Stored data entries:
Record SymMonCat := {
  Ob :> Type;
  Hom : Ob -> Ob -> Type;
  idm : forall A : Ob, Hom A A;
  comp : forall {A B C : Ob}, Hom B C -> Hom A B -> Hom A C;
  comp_idl : forall A B (f : Hom A B), comp (idm B) f = f;
  comp_idr : forall A B (f : Hom A B), comp f (idm A) = f;
  comp_assoc : forall A B C D (h : Hom C D) (g : Hom B C) (f : Hom A B),
      comp h (comp g f) = comp (comp h g) f;
  tens : Ob -> Ob -> Ob;
  tensm : forall {A B C D : Ob}, Hom A B -> Hom C D -> Hom (tens A C) (tens B D);
  tensm_id : forall A B, tensm (idm A) (idm B) = idm (tens A B);
  tensm_comp : forall A B C A' B' C' (g : Hom B C) (f : Hom A B)
      (g' : Hom B' C') (f' : Hom A' B'),
      tensm (comp g f) (comp g' f') = comp (tensm g g') (tensm f f');
  unit_ob : Ob;
  assoc : forall A B C, Hom (tens (tens A B) C) (tens A (tens B C));
  assoc_inv : forall A B C, Hom (tens A (tens B C)) (tens (tens A B) C);
  assoc_inv_l : forall A B C, comp (assoc_inv A B C) (assoc A B C) = idm _;
  assoc_inv_r : forall A B C, comp (assoc A B C) (assoc_inv A B C) = idm _;
  assoc_nat : forall A A' B B' C C' (f : Hom A A') (g : Hom B B') (h : Hom C C'),
      comp (assoc A' B' C') (tensm (tensm f g) h)
      = comp (tensm f (tensm g h)) (assoc A B C);
  lunit : forall A, Hom (tens unit_ob A) A;
  lunit_inv : forall A, Hom A (tens unit_ob A);
  lunit_inv_l : forall A, comp (lunit_inv A) (lunit A) = idm _;
  lunit_inv_r : forall A, comp (lunit A) (lunit_inv A) = idm _;
  lunit_nat : forall A B (f : Hom A B),
      comp f (lunit A) = comp (lunit B) (tensm (idm unit_ob) f);
  runit : forall A, Hom (tens A unit_ob) A;
  runit_inv : forall A, Hom A (tens A unit_ob);
  runit_inv_l : forall A, comp (runit_inv A) (runit A) = idm _;
  runit_inv_r : forall A, comp (runit A) (runit_inv A) = idm _;
  runit_nat : forall A B (f : Hom A B),
      comp f (runit A) = comp (runit B) (tensm f (idm unit_ob));
  pentagon : forall A B C D,
      comp (assoc A B (tens C D)) (assoc (tens A B) C D)
      = comp (tensm (idm A) (assoc B C D))
          (comp (assoc A (tens B C) D) (tensm (assoc A B C) (idm D)));
  triangle : forall A B,
      comp (tensm (idm A) (lunit B)) (assoc A unit_ob B)
      = tensm (runit A) (idm B);
  sym : forall A B, Hom (tens A B) (tens B A);
  sym_nat : forall A A' B B' (f : Hom A A') (g : Hom B B'),
      comp (sym A' B') (tensm f g) = comp (tensm g f) (sym A B);
  sym_invol : forall A B, comp (sym B A) (sym A B) = idm _;
  hexagon : forall A B C,
      comp (assoc B C A) (comp (sym A (tens B C)) (assoc A B C))
      = comp (tensm (idm B) (sym A C))
          (comp (assoc B A C) (tensm (sym A B) (idm C)))
}.

Arguments idm {s} A.
Arguments comp {s A B C} _ _.
Arguments tens {s} _ _.
Arguments tensm {s A B C D} _ _.
Arguments unit_ob {s}.
Arguments assoc {s} A B C.
Arguments assoc_inv {s} A B C.
Arguments lunit {s} A.
Arguments lunit_inv {s} A.
Arguments runit {s} A.
Arguments runit_inv {s} A.
Arguments sym {s} A B.

Declare Scope cat_scope.
Delimit Scope cat_scope with cat.
Open Scope cat_scope.
Notation "g ∘ f" := (comp g f) (at level 40, left associativity) : cat_scope.
Notation "f ⊗ g" := (tensm f g) (at level 35) : cat_scope.

Definition mid {C : SymMonCat} (A B X D : C) :
  Hom C (tens (tens A B) (tens X D)) (tens (tens A X) (tens B D)) :=
  assoc_inv A X (tens B D)
  ∘ (idm A ⊗ (assoc X B D ∘ (sym B X ⊗ idm D) ∘ assoc_inv B X D))
  ∘ assoc A B (tens X D).

Record HopfMonoid (C : SymMonCat) (H : C) := {
  hm : Hom C (tens H H) H;
  heta : Hom C unit_ob H;
  hDelta : Hom C H (tens H H);
  heps : Hom C H unit_ob;
  hS : Hom C H H;
  m_assoc : hm ∘ (hm ⊗ idm H) = hm ∘ (idm H ⊗ hm) ∘ assoc H H H;
  m_unitl : hm ∘ (heta ⊗ idm H) = lunit H;
  m_unitr : hm ∘ (idm H ⊗ heta) = runit H;
  D_coassoc : assoc H H H ∘ (hDelta ⊗ idm H) ∘ hDelta = (idm H ⊗ hDelta) ∘ hDelta;
  D_counitl : (heps ⊗ idm H) ∘ hDelta = lunit_inv H;
  D_counitr : (idm H ⊗ heps) ∘ hDelta = runit_inv H;
  bialg_Dm : hDelta ∘ hm = (hm ⊗ hm) ∘ mid H H H H ∘ (hDelta ⊗ hDelta);
  bialg_em : heps ∘ hm = lunit unit_ob ∘ (heps ⊗ heps);
  bialg_De : hDelta ∘ heta = (heta ⊗ heta) ∘ lunit_inv unit_ob;
  bialg_ee : heps ∘ heta = idm unit_ob;
  antipode_l : hm ∘ (hS ⊗ idm H) ∘ hDelta = heta ∘ heps;
  antipode_r : hm ∘ (idm H ⊗ hS) ∘ hDelta = heta ∘ heps
}.

Arguments HopfMonoid {C} H.
Arguments hm {C H} _.
Arguments heta {C H} _.
Arguments hDelta {C H} _.
Arguments heps {C H} _.
Arguments hS {C H} _.

Section Piv.
Context {C : SymMonCat} {H : C} (Hp : HopfMonoid H).

Definition m2 : Hom C (tens (tens H H) H) H := hm Hp ∘ (hm Hp ⊗ idm H).

(* the canonical iso H -> (e⊗H)⊗e, implicit in the paper's (p⊗1_H⊗p) *)
Definition unit_sandwich : Hom C H (tens (tens unit_ob H) unit_ob) :=
  runit_inv (tens unit_ob H) ∘ lunit_inv H.

Definition is_pivotal (p : Hom C unit_ob H) : Prop :=
  hDelta Hp ∘ p = (p ⊗ p) ∘ lunit_inv unit_ob
  /\ heps Hp ∘ p = idm unit_ob
  /\ m2 ∘ ((idm H ⊗ (hS Hp ∘ hS Hp)) ⊗ hS Hp) ∘ ((p ⊗ idm H) ⊗ p) ∘ unit_sandwich
     = idm H.

Definition piv_Sinv (p : Hom C unit_ob H) : Hom C H H :=
  m2 ∘ ((idm H ⊗ hS Hp) ⊗ hS Hp) ∘ ((p ⊗ idm H) ⊗ p) ∘ unit_sandwich.

Definition piv_T (p : Hom C unit_ob H) : Hom C H H :=
  hm Hp ∘ (p ⊗ hS Hp) ∘ lunit_inv H.

End Piv.

(* All the identities are proved in convolution monoids Hom(X, H), X a comonoid,
   where two-sided convolution inverses are unique.  In Hom(H, H) one has
   T = (p ε) * S and S⁻¹ = (p ε) * S * (S p ε), and the pivotal axiom reads
   (p ε) * S² * (S p ε) = 1; since S is antimultiplicative, S T = S² * (S p ε),
   whence T T = 1.  On the comonoid H ⊗ H the multiplication is x * y for the two
   projections x, y, so that T m, m (T ⊗ S) τ and m (S⁻¹ ⊗ T) τ all equal
   (p ε) * (S y) * (S x), using that p ε and S p ε are mutually inverse.  The
   dual statements about S (anticomultiplicativity, S η = η, ε S = ε) follow by
   applying the same results in the opposite category. *)

Set Implicit Arguments.

Lemma postcomp_congr {C : SymMonCat} {A B : C} (l r : Hom C A B) :
  l = r -> forall (D : C) (W : Hom C B D), W ∘ l = W ∘ r.
Proof. intros ->; reflexivity. Qed.

(* [arewrite L] rewrites with [L] modulo associativity of composition: goal and
   lemma are both put in left-associated form ([eapply eq_sym] first instantiates
   the binders of [L] with evars, so that [L] itself can be normalised), and when
   the left side of [L] occurs after a prefix [W] of a composite it is matched as
   [W ∘ lhs]. *)
Ltac cat_norm := rewrite ?comp_assoc.
Ltac cat_simpl := repeat (rewrite ?comp_idl, ?comp_idr, ?tensm_id); cat_norm.
Ltac arewrite_in E := rewrite ?comp_assoc in E; rewrite E; clear E.
Ltac arewrite_bwd L := cat_norm;
  first [ rewrite <- L
        | let E := fresh in epose proof L as E; eapply eq_sym in E; arewrite_in E
        | let E := fresh in epose proof L as E; eapply eq_sym in E;
          eapply postcomp_congr in E; arewrite_in E ].
Ltac arewrite_fwd L := cat_norm;
  first [ rewrite L
        | let E := fresh in epose proof L as E; eapply eq_sym in E; symmetry in E; arewrite_in E
        | let E := fresh in epose proof L as E; eapply eq_sym in E; symmetry in E;
          eapply postcomp_congr in E; arewrite_in E ].

Tactic Notation "arewrite" "<-" uconstr(L) := arewrite_bwd L.
Tactic Notation "arewrite" uconstr(L) := arewrite_fwd L.

Section CategoryBasics.
Context {C : SymMonCat}.
Implicit Types A B X Y Z W : C.

Lemma tensm_split_l {A B X Y} (f : Hom C A B) (g : Hom C X Y) :
  f ⊗ g = (f ⊗ idm Y) ∘ (idm A ⊗ g).
Proof. rewrite <- tensm_comp. cat_simpl. reflexivity. Qed.

Lemma tensm_split_r {A B X Y} (f : Hom C A B) (g : Hom C X Y) :
  f ⊗ g = (idm B ⊗ g) ∘ (f ⊗ idm X).
Proof. rewrite <- tensm_comp. cat_simpl. reflexivity. Qed.

Lemma tensm_interchange {A B X Y} (f : Hom C A B) (g : Hom C X Y) :
  (f ⊗ idm Y) ∘ (idm A ⊗ g) = (idm B ⊗ g) ∘ (f ⊗ idm X).
Proof. rewrite <- tensm_split_l, <- tensm_split_r. reflexivity. Qed.

Lemma tensm_comp_l {A B D X} (f : Hom C B D) (g : Hom C A B) :
  (f ∘ g) ⊗ idm X = (f ⊗ idm X) ∘ (g ⊗ idm X).
Proof. rewrite <- tensm_comp. cat_simpl. reflexivity. Qed.

Lemma tensm_comp_r {A B D X} (f : Hom C B D) (g : Hom C A B) :
  idm X ⊗ (f ∘ g) = (idm X ⊗ f) ∘ (idm X ⊗ g).
Proof. rewrite <- tensm_comp. cat_simpl. reflexivity. Qed.

Lemma tensm_compl_post {A B D X Y} (f : Hom C B D) (g : Hom C A B) (h : Hom C X Y) :
  (f ∘ g) ⊗ h = (f ⊗ h) ∘ (g ⊗ idm X).
Proof. rewrite <- tensm_comp. cat_simpl. reflexivity. Qed.

Lemma tensm_compl_pre {A B D X Y} (f : Hom C B D) (g : Hom C A B) (h : Hom C X Y) :
  (f ∘ g) ⊗ h = (f ⊗ idm Y) ∘ (g ⊗ h).
Proof. rewrite <- tensm_comp. cat_simpl. reflexivity. Qed.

▶ **Problem statement**: Once you find the line containing "tens : Ob -> Ob -> Ob;", stop: reproduce exactly that line and every line of the data before it, and nothing else.

▶ **Result of this exercise**:
Record SymMonCat := {
  Ob :> Type;
  Hom : Ob -> Ob -> Type;
  idm : forall A : Ob, Hom A A;
  comp : forall {A B C : Ob}, Hom B C -> Hom A B -> Hom A C;
  comp_idl : forall A B (f : Hom A B), comp (idm B) f = f;
  comp_idr : forall A B (f : Hom A B), comp f (idm A) = f;
  comp_assoc : forall A B C D (h : Hom C D) (g : Hom B C) (f : Hom A B),
      comp h (comp g f) = comp (comp h g) f;
  tens : Ob -> Ob -> Ob;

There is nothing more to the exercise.